His career as a sports presenter spanned 10 Olympic Games and as many World Cups but - paradoxically - rarely if ever involved his attendance at, or direct commentary on, any of these events. His huge strength was as chair of a sports panel, which was to involve pundits including Eamon Dunphy, Johnny Giles and Liam Brady.

He didn’t so much appear on television as inhabit it, as if he were holding court in the snug of a comfortable country pub. In this setting his musical Cork tones, his encyclopaedic knowledge and his unflappable courtesy generated an atmosphere of co-operative equanimity even in the face of turbo-charged egos and sharp-edged disagreements. His panel during Italia ’90 garnered a viewership figure of 92 per cent.
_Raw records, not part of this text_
(* After recolouring [w], one of its two chain neighbours stays in the chain of [t] and
   loses a chain neighbour, contradicting [kempe_chain_deg2]. *)
Lemma kempe_chain_recolor t phi i j c w : almost_coloring t phi -> i != j -> i < r -> j < r ->
  w \in kempe_chain t phi i j -> w != t -> c != i -> c != j ->
  ~ almost_coloring t (fun v => if v == w then c else phi v).
Proof.
set phi' := fun v => _; move=> At ij ir jr wC wt ci cj At'.
have wS := component_in (kempe_set_self i j At) wC.
have S'E : kempe_set t phi' i j = kempe_set t phi i j :\ w.
  apply/setP => v; rewrite !inE /phi'; have [->|vw] //= := eqVneq v w.
  by rewrite (negbTE wt) (negbTE ci) (negbTE cj) andbF.
have [y yC' /[1!in_set] /andP [yS ewy]] : exists2 y, y \in kempe_chain t phi' i j &
    y \in [set z in kempe_set t phi i j | e w z].
  apply/exists_inP/negbNE/negP => /exists_inPn Hn.
  suff : w \in kempe_chain t phi' i j.
    by case/component_sub => [wt'|]; [rewrite wt' eqxx in wt | rewrite S'E setD11].
  move: wC; rewrite inE; apply: (connect_ind (P := fun y => y \in kempe_chain t phi' i j)).
    exact: component_self.
  move=> u v uC' /= /and3P [uS vS euv].
  have uS' : u \in kempe_set t phi' i j.
    by case: (component_sub uC') => [->|//]; exact: kempe_set_self.
  have [vw|vw] := eqVneq v w.
    by move: (Hn u uC'); rewrite inE uS -vw e_sym euv.
  by apply: component_closed uC' uS' _ euv; rewrite S'E in_setD1 vw vS.
have yC := component_closed wC wS yS ewy.
move: (kempe_chain_deg2 At' ij ir jr yC'); rewrite S'E.
have -> : [set z in kempe_set t phi i j :\ w | e y z] = [set z in kempe_set t phi i j | e y z] :\ w.
  by apply/setP => z; rewrite in_set !in_setD1 in_set andbA.
move: (kempe_chain_deg2 At ij ir jr yC).
by rewrite (cardsD1 w [set z in _ | e y z]) in_set wS e_sym ewy; lia.
Qed.

Lemma common_kempe_vertex_adj t phi i j k w : almost_coloring t phi ->
  i != j -> i != k -> j != k -> i < r -> j < r -> k < r ->
  w \in kempe_chain t phi i j -> w \in kempe_chain t phi i k -> w != t -> phi w = i -> e t w.
Proof.
move=> At ij ik jk ir jr kr wCj wCk wt pw; apply/negPn/negP => etw.
have wSj := component_in (kempe_set_self i j At) wCj.
have wSk := component_in (kempe_set_self i k At) wCk.
have nbr_color l (wS : w \in kempe_set t phi i l) z :
    z \in [set z in kempe_set t phi i l | e w z] -> phi z = l.
  by rewrite inE => /andP [zS ewz]; exact: kempe_neighbor_color At wS wt etw pw zS ewz.
have [|c [cr ci cj _ cfree]] := missing_color ir (kempe_set_in wSj) jk
  (kempe_chain_deg2 At ij ir jr wCj) (kempe_chain_deg2 At ik ir kr wCk) _ (nbr_color j wSj)
  (nbr_color k wSk) => //.
  apply/subsetP => z /[1!in_setU] /orP [] /[1!in_set] /andP [zS ewz];
    by rewrite inE (kempe_set_in zS) ewz.
exact: kempe_chain_recolor At ij ir jr wCj wt ci cj (almost_coloring_recolor At cr cfree).
Qed.

Definition kempe_swap t (phi : T -> nat) (a c : nat) v :=
  if (v \in kempe_chain t phi a c) && (v != t) then (if phi v == a then c else a) else phi v.

Lemma kempe_swap_almost t phi a c : almost_coloring t phi -> a < r -> c < r ->
  almost_coloring t (kempe_swap t phi a c).
Proof.
move=> At ar cr; case: (At) => tZ phi_lt phi_proper.
set D := kempe_chain t phi a c.
have Dcol v : v \in D -> v != t -> (phi v == a) || (phi v == c).
  by move/(component_in (kempe_set_self a c At)); exact: kempe_set_color.
have Dout v w : v \in D -> v != t -> w \in Z -> w != t -> e v w -> w \notin D ->
    ~~ ((phi w == a) || (phi w == c)).
  move=> vD vt wZ wt evw; apply: contra => wac; apply: (component_closed vD _ _ evw).
    exact: component_in (kempe_set_self a c At) vD.
  by rewrite inE wZ (negbTE wt).
have sw p q : (p == a) || (p == c) -> (q == a) || (q == c) -> p != q ->
    (if p == a then c else a) != (if q == a then c else a).
  by move=> /orP [] /eqP -> /orP [] /eqP ->; rewrite ?eqxx // eq_sym; case: eqP => [_|/eqP] //.
have sw_out p q : ~~ ((q == a) || (q == c)) -> (if p == a then c else a) != q.
  by apply: contraNneq => <-; case: ifP => _; rewrite eqxx ?orbT.
split => // [v vZ vt | u v uZ vZ ut vt euv].
  by rewrite /kempe_swap; case: ifP => _; [case: ifP | exact: phi_lt].
rewrite /kempe_swap (negbTE ut) (negbTE vt) !andbT.
case uD: (u \in D); case vD: (v \in D).
- exact: sw (Dcol _ uD ut) (Dcol _ vD vt) (phi_proper _ _ uZ vZ ut vt euv).
- exact/sw_out/(Dout _ _ uD ut vZ vt euv)/negbT.
- by rewrite eq_sym; apply/sw_out/(Dout _ _ vD vt uZ ut _ (negbT uD)); rewrite e_sym.
- exact: phi_proper.
Qed.

(* A vertex coloured [a] on both the [(a, b)]- and the [(a, c)]-chain is adjacent to [t],
   hence is [va]. *)
Lemma kempe_swap_chain_sub t phi a b c va : almost_coloring t phi ->
  a != b -> a != c -> b != c -> a < r -> b < r -> c < r ->
  va \in Z -> e t va -> phi va = a ->
  kempe_chain t phi a b :\ va \subset kempe_set t (kempe_swap t phi a c) b a.
Proof.
move=> At ab ac bc ar br cr vaZ eta pa; apply/subsetP => y /[1!in_setD1] /andP [yva yC].
have yS := component_in (kempe_set_self a b At) yC; have yZ := kempe_set_in yS.
have [->|yt] := eqVneq y t; first exact: kempe_set_self (kempe_swap_almost At ar cr).
have yD : y \notin kempe_chain t phi a c.
  apply/negP => yD; have yS' := component_in (kempe_set_self a c At) yD.
  have pya : phi y = a.
    case/orP: (kempe_set_color yS yt) => /eqP // pyb.
    by move: (kempe_set_color yS' yt); rewrite pyb (negbTE bc) eq_sym (negbTE ab).
  have ety := common_kempe_vertex_adj At ab ac bc ar br cr yC yD yt pya.
  by move: yva; rewrite (almost_coloring_sees_once At yZ vaZ ety eta (etrans pya (esym pa))) eqxx.
move: yS; rewrite !inE /kempe_swap (negbTE yD) (negbTE yt) /= => /andP [-> pyab].
by rewrite orbC.
Qed.

Lemma kempe_chain_second_neighbor t phi a b va : almost_coloring t phi ->
  a != b -> a < r -> b < r -> va \in Z -> e t va -> phi va = a ->
  exists u, [/\ [set z in kempe_set t phi a b | e va z] = [set t; u], u != t, u \in Z,
    e va u & phi u = b].
Proof.
move=> At ab ar br vaZ eta pa; case: (At) => _ _ phi_proper.
have vat : va != t by apply: contraTneq eta => ->; rewrite e_irr.
have vaS : va \in kempe_set t phi a b by rewrite inE vaZ pa eqxx orbT.
have vaC := component_closed (component_self _ _ _) (kempe_set_self a b At) vaS eta.
have tN : t \in [set z in kempe_set t phi a b | e va z].
  by rewrite in_set (kempe_set_self a b At) e_sym eta.
have [u Eu] : exists u, [set z in kempe_set t phi a b | e va z] :\ t = [set u].
  apply/cards1P; move: (kempe_chain_deg2 At ab ar br vaC).
  by rewrite (cardsD1 t) tN add1n => -[->].
have /[1!in_setD1] /andP [ut /[1!in_set] /andP [uS evu]] :
  u \in [set z in kempe_set t phi a b | e va z] :\ t by rewrite Eu set11.
exists u; split; rewrite ?(kempe_set_in uS) //; first by rewrite -(setD1K tN) Eu.
case/orP: (kempe_set_color uS ut) => /eqP // pua.
by move: (phi_proper _ _ vaZ (kempe_set_in uS) vat ut evu); rewrite pa pua eqxx.
Qed.

Lemma kempe_chain_cut t phi a b va u : almost_coloring t phi -> a != b -> a < r -> b < r ->
  va \in kempe_set t phi a b -> e t va -> u != t ->
  [set z in kempe_set t phi a b | e va z] = [set t; u] ->
  u \in component e t (kempe_chain t phi a b :\ va).
Proof.
move=> At ab ar br vaS eta ut NE.
have Sab := kempe_set_self a b At.
have vaC := component_closed (component_self _ _ _) Sab vaS eta.
have vat : va != t by apply: contraTneq eta => ->; rewrite e_irr.
have [evt evu] : e va t /\ e va u.
  by have := set21 t u; have := set22 t u; rewrite -NE !in_set => /andP [_ ?] /andP [_ ?].
have tQ : t \in kempe_chain t phi a b :\ va by rewrite in_setD1 eq_sym vat component_self.
apply: (two_ends_connected e_sym e_irr tQ) => [|y yC]; first by rewrite eq_sym.
move: (component_in tQ yC); rewrite in_setD1 => /andP [yva yCab].
have yS := component_in Sab yCab.
have -> : [set z in kempe_chain t phi a b :\ va | e y z] =
    [set z in kempe_set t phi a b | e y z] :\ va.
  apply/setP => z; rewrite in_set !in_setD1 in_set; apply/idP/idP.
    by move=> /andP [/andP [-> zC] ->]; rewrite (component_in Sab zC).
  move=> /andP [-> /andP [zS eyz]]; rewrite eyz andbT /=.
  exact: component_closed yCab yS zS eyz.
move: (kempe_chain_deg2 At ab ar br yCab); rewrite (cardsD1 va) in_set vaS /= e_sym.
have -> : e va y = (y == t) || (y == u).
  apply/idP/idP => [evy|/orP [] /eqP -> //].
  have : y \in [set z in kempe_set t phi a b | e va z] by rewrite in_set yS evy.
  by rewrite NE !inE.
move: (#|_ :\ va|) => n.
case: (eqVneq y t) => [yt|yt]; case: (eqVneq y u) => [yu|yu] /=.
- by move: ut; rewrite -yu yt eqxx.
all: by move=> <-; rewrite ?addn0 ?add0n ?addKn ?subn0.
Qed.

(* Swapping [a] and [c] on the [(a, c)]-chain of [t] recolours [va] but keeps the rest of
   its [(a, b)]-chain; the second [(a, b)]-neighbour [u] of [va] then lies on both the
   [(b, a)]- and the [(b, c)]-chain, so it must be adjacent to [t], which is impossible
   since [vb] is the only [b]-coloured neighbour of [t]. *)
Lemma almost_coloring_neighbors_adj t phi a b c va vb : almost_coloring t phi ->
  a != b -> a != c -> b != c -> a < r -> b < r -> c < r ->
  va \in Z -> vb \in Z -> e t va -> e t vb -> phi va = a -> phi vb = b -> e va vb.
Proof.
move=> At ab ac bc ar br cr vaZ vbZ eta etb pa pb; apply/negPn/negP => nab.
have vat : va != t by apply: contraTneq eta => ->; rewrite e_irr.
have [u [NE ut uZ evu pu]] := kempe_chain_second_neighbor At ab ar br vaZ eta pa.
have etu : ~~ e t u.
  apply: contra nab => etu.
  by rewrite -(almost_coloring_sees_once At uZ vbZ etu etb (etrans pu (esym pb))).
set phi' := kempe_swap t phi a c.
have At' : almost_coloring t phi' := kempe_swap_almost At ar cr.
have vaD : va \in kempe_chain t phi a c.
  apply: component_closed (component_self _ _ _) (kempe_set_self a c At) _ eta.
  by rewrite inE vaZ pa eqxx orbT.
have uD : u \notin kempe_chain t phi a c.
  apply/negP => /(component_in (kempe_set_self a c At)) /kempe_set_color /(_ ut).
  by rewrite pu eq_sym (negbTE ab) (negbTE bc).
have pu' : phi' u = b by rewrite /phi' /kempe_swap (negbTE uD).
have uCbc : u \in kempe_chain t phi' b c.
  have vaS' : va \in kempe_set t phi' b c.
    by rewrite inE vaZ /phi' /kempe_swap vaD vat pa !eqxx orbT.
  apply: component_closed (component_closed (component_self _ _ _) _ vaS' eta) vaS' _ evu.
    exact: kempe_set_self At'.
  by rewrite inE uZ pu' eqxx orbT.
have uCba : u \in kempe_chain t phi' b a.
  apply: (component_mono (kempe_swap_chain_sub At ab ac bc ar br cr vaZ eta pa)).
  by apply: kempe_chain_cut At ab ar br _ eta ut NE; rewrite inE vaZ pa eqxx orbT.
move: etu; rewrite (common_kempe_vertex_adj At' _ _ ac br ar cr uCba uCbc ut pu') //.
by rewrite eq_sym.
Qed.

Lemma almost_coloring_neighbors_clique t phi y1 y2 : almost_coloring t phi -> 3 <= r ->
  y1 \in Z -> y2 \in Z -> e t y1 -> e t y2 -> y1 != y2 -> e y1 y2.
Proof.
move=> At r3 y1Z y2Z e1 e2 y12; case: (At) => _ phi_lt _.
have ab : phi y1 != phi y2.
  by apply: contraNneq y12 => /(almost_coloring_sees_once At y1Z y2Z e1 e2) ->.
have [c [c3 ac bc]] := third_color ab.
apply: (almost_coloring_neighbors_adj At ab ac bc) => //; last exact: leq_trans c3 r3.
  by apply: phi_lt y1Z _; apply: contraTneq e1 => ->; rewrite e_irr.
by apply: phi_lt y2Z _; apply: contraTneq e2 => ->; rewrite e_irr.
Qed.

Lemma almost_coloring_complete t phi : almost_coloring t phi -> 3 <= r ->
  (forall y, y \in Z -> y \in component e t Z) -> complete_on e Z.
Proof.
move=> At r3 Zconn; have tZ := almost_coloring_in At.
have clique := almost_coloring_neighbors_clique At r3.
pose N := [set y in Z | e t y].
have cN : r <= #|N|.
  apply: (card_ge_colors (c := phi)) => j /(almost_coloring_sees At) [y yN <-].
  by exists y; rewrite ?inE.
pose Y := t |: N.
have Y_closed y z : y \in Y -> z \in Z -> e y z -> z \in Y.
  rewrite in_setU1 => /orP [/eqP -> | yN] zZ eyz; first by rewrite in_setU1 in_set zZ eyz orbT.
  move: (yN); rewrite in_set => /andP [yZ ety]; apply/negPn/negP => zY.
  have sub : z |: (Y :\ y) \subset [set w in Z | e y w].
    apply/subsetP => w; rewrite in_setU1 in_setD1 => /orP [/eqP -> | /andP [wy]].
      by rewrite in_set zZ eyz.
    rewrite in_setU1 => /orP [/eqP -> | wN]; first by rewrite in_set tZ e_sym ety.
    move: wN; rewrite !in_set => /andP [wZ etw].
    by rewrite wZ (clique _ _ yZ wZ ety etw) // eq_sym.
  have := subset_leq_card sub; have := Z_deg yZ.
  rewrite cardsU1 in_setD1 (negbTE zY) andbF /=.
  have : #|Y| = (#|Y :\ y|).+1 by rewrite (cardsD1 y Y) in_setU1 yN orbT.
  have : #|Y| = (#|N|).+1 by rewrite cardsU1 in_set e_irr andbF.
  move: cN; move: #|N| #|Y| #|Y :\ y| #|[set w in Z | e y w]| => n1 n2 n3 n4; lia.
have ZY y : y \in Z -> y \in Y.
  move/Zconn; rewrite inE; apply: (connect_ind (P := fun y => y \in Y)).
    by rewrite in_setU1 eqxx.
  by move=> u v uY /= /and3P [_ vZ euv]; exact: Y_closed uY vZ euv.
move=> u v uZ vZ uv; move: (ZY u uZ) (ZY v vZ); rewrite !in_setU1 !in_set.
case/orP => [/eqP eu|/andP [_ etu]]; case/orP => [/eqP ev|/andP [_ etv]].
- by rewrite eu ev eqxx in uv.
- by rewrite eu.
- by rewrite ev e_sym.
- exact: clique.
Qed.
Less well known, for many years, was his strong political and emotional attachment to Fine Gael, which also – like his journalism – had a family background.

He became a close media adviser to Garrett FitzGerald in the 1980s, and was a key figure in a body which became known collectively, and not always flatteringly, as the "national handlers". The group also included Frank Flannery, Pat Heneghan of PJ Carroll, and the solicitor Enda Marren.

Barry supporter

O’Herlihy’s connection with the party might have continued after FitzGerald’s resignation, but Fine Gael chose Alan Dukes as its new leader over his friend

Peter Barry

– the genial and potentially much more popular figure, and a Corkman to boot. O’Herlihy had actually prepared an acceptance speech for delivery by Barry if he had won the vote.

He co-operated with Flannery later in a current affairs programme, but this did not achieve its potential. He had by then reverted to his commitment to public relations: he said in a 1992 interview that while TV had allowed him to indulge his ego, public relations would come first if he had to choose.

His broadcast career continued, nonetheless, until 2014, when his retirement was greeted with universal, and warm, accolades. It had successfully overcome not only the normal hazards of a media career but two bouts of serious ill-health - a heart attack in 1984, and subsequently cancer.

He is survived by his widow, Hilary, their two daughters, Jill and Sally, and brothers Jack, David and Peter.